→ **Items from a dataset**
Lemma pid_mx_mulK : (pid_mx r : 'M[R]_(r, k)) *m (pid_mx r : 'M[R]_(k, r)) = 1%:M.
Proof. by rewrite mul_pid_mx minnn (minn_idPr rank_le) pid_mx_1. Qed.

Lemma decoder_explainerK (x : 'cV[R]_n) :
  (x^T <= M)%MS -> decoder_mx *m (explainer_mx *m x) = x.
Proof.
move=> xM; have /submxP [s xE] : (x^T <= B)%MS by rewrite eq_row_base.
rewrite -[x]trmxK xE trmx_mul.
have -> : decoder_mx *m (explainer_mx *m (B^T *m s^T)) =
    B^T *m invmx gram_mx *m ((pid_mx r : 'M[R]_(r, k)) *m pid_mx r) *m (gram_mx *m s^T).
  by rewrite /decoder_mx /explainer_mx /gram_mx !mulmxA.
by rewrite pid_mx_mulK mulmx1 mulmxA -(mulmxA B^T) mulVmx ?gram_unitmx // mulmx1.
Qed.

Lemma explainer_kernel_orthogonal (x h : 'cV[R]_n) :
  (x^T <= M)%MS -> explainer_mx *m h = 0 -> bform Om x h = 0.
Proof.
move=> xM Eh; have /submxP [s xE] : (x^T <= B)%MS by rewrite eq_row_base.
rewrite /bform xE.
have -> : s *m B *m Om *m h = s *m pid_mx r *m (explainer_mx *m h).
  by rewrite /explainer_mx !mulmxA -[s *m _ *m pid_mx r]mulmxA pid_mx_mulK mulmx1.
by rewrite Eh mulmx0 mxE.
Qed.

Lemma explainer_first_best (u w : 'cV[R]_n) :
  ((u - w)^T <= M)%MS -> first_best Om u w explainer_mx (explainer_mx *m w).
Proof.
move=> uwM; apply: first_best_of_orthogonal => // h.
exact: explainer_kernel_orthogonal.
Qed.

End RowSpaceExplainer.

Section MeasurableMulmx.
Context {R : realType} {d : measure_display} {T : measurableType d}.

Lemma measurable_mulmx {m n} (A : 'M[R]_(m, n)) {x : T -> 'cV[R]_n} :
  (forall j, measurable_fun setT (fun z => x z j 0)) ->
  forall i, measurable_fun setT (fun z => (A *m x z) i 0).
Proof.
move=> mx i; under eq_fun do rewrite mxE.
by apply: measurable_sum => j; apply: measurable_funM.
Qed.

Lemma measurable_qform {n} (Om : 'M[R]_n) (v : T -> 'cV[R]_n) :
  (forall j, measurable_fun setT (fun z => v z j 0)) ->
  measurable_fun setT (fun z => qform Om (v z)).
Proof.
move=> mv; rewrite /qform; under eq_fun do rewrite -mulmxA mxE.
apply: measurable_sum => j; apply: measurable_funM; last exact: measurable_mulmx.
by under eq_fun do rewrite mxE; exact: mv.
Qed.

End MeasurableMulmx.

Section LinearCombinations.
Context {R : realType} {d : measure_display} {T : measurableType d}.
Context (mu : {measure set T -> \bar R}).

Lemma integrable_comb (I : finType) (c : I -> R) (f : I -> T -> R) :
  (forall i, mu.-integrable setT (fun z => (f i z)%:E)) ->
  mu.-integrable setT (fun z => (\sum_i c i * f i z)%:E).
Proof.
move=> intf; under eq_fun do rewrite -sumEFin.
by apply: integrable_sum => // i _; under eq_fun do rewrite EFinM; exact: integrableZl.
Qed.
Lemma imset_val_setT (T : finType) (P : pred T) : val @: [set: {x | P x}] = [set x | P x].
Proof.
apply/setP => x; rewrite inE; apply/imsetP/idP => [[y _ ->] | Px]; first exact: valP.
by exists (Sub x Px); rewrite ?SubK.
Qed.

Lemma counterexample_delete_vertex (T : finType) (G : rel T) (C0 : seq T) (s : nat)
    (H : rel (T * 'I_s)) (f : 'I_s -> T -> nat) (R0 : {set T * 'I_s}) (v : T) :
  counterexample G C0 H f R0 -> v \notin C0 -> #|[set u | G v u]| < 4 ->
  exists C0' R0', counterexample (induced (predC1 v) G) C0'
    (induced_cover (predC1 v) H) (induced_weight (predC1 v) f) R0'.
Proof.
move=> [[G_simple [G_planar G_no345]] C0_cycle [s_gt0 H_cover] [f_bounds R0_col] R0_noext].
move=> vC0 deg_v.
have C0_v : all (predC1 v) C0 by apply/allP => u uC0; apply: contraNneq vC0 => <-.
pose C0' := pmap insub C0 : seq {x | predC1 v x}.
have val_C0' : map val C0' = C0.
  by rewrite /C0' (pmap_filter (insubK _)) (eq_filter (isSome_insub _)); apply/all_filterP.
have val_C0'_set : val @: [set x in C0'] = [set x in C0].
  apply/setP => u; rewrite inE -val_C0'.
  by apply/imsetP/mapP => -[x]; rewrite ?inE => xC ->; exists x; rewrite ?inE.
pose R0' : {set {x | predC1 v x} * 'I_s} := lift_vertex @^-1: R0.
have lift_R0' : lift_vertex @: R0' = R0.
  apply/setP => -[u c]; apply/imsetP/idP => [[y] | uc_R0]; first by rewrite inE => + ->.
  have uC0 : u \in C0 by case: R0_col => /subsetP/(_ _ uc_R0); rewrite !inE.
  by exists (Sub u (allP C0_v _ uC0), c); rewrite ?inE.
exists C0', R0'; split.
- split; first exact: simple_graph_induced.
  by split; [exact: planar_induced | exact: no_adj_345_induced].
- by apply/is_kcycle_induced; rewrite val_C0'.
- by split; last exact: is_cover_induced.
- have [f_le2 f_sum] := f_bounds.
  split; first by split=> [i x | x]; [exact: f_le2 | exact: f_sum].
  by apply/dp_coloring_induced; rewrite val_C0'_set lift_R0'.
move=> [R' [R'_col R0'_sub]]; apply: R0_noext.
move/dp_coloring_induced: R'_col; rewrite imset_val_setT.
rewrite (_ : [set x | predC1 v x] = [set~ v]); last by apply/setP => x; rewrite !inE.
move=> R'_col.
have [|i col_i] := dp_coloring_extend G_simple.1 H_cover R'_col.
  by apply: leq_trans deg_v _; case: f_bounds.
exists ((v, i) |: lift_vertex @: R'); split => //.
rewrite -lift_R0'; apply/subsetP => x x_R0.
by rewrite inE (subsetP (imsetS _ R0'_sub)) ?orbT.
Qed.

→ **Work order**
From the data above, copy each line where the string "under" appears.

→ **Written response**
move=> mx i; under eq_fun do rewrite mxE.
move=> mv; rewrite /qform; under eq_fun do rewrite -mulmxA mxE.
by under eq_fun do rewrite mxE; exact: mv.
move=> intf; under eq_fun do rewrite -sumEFin.
by apply: integrable_sum => // i _; under eq_fun do rewrite EFinM; exact: integrableZl.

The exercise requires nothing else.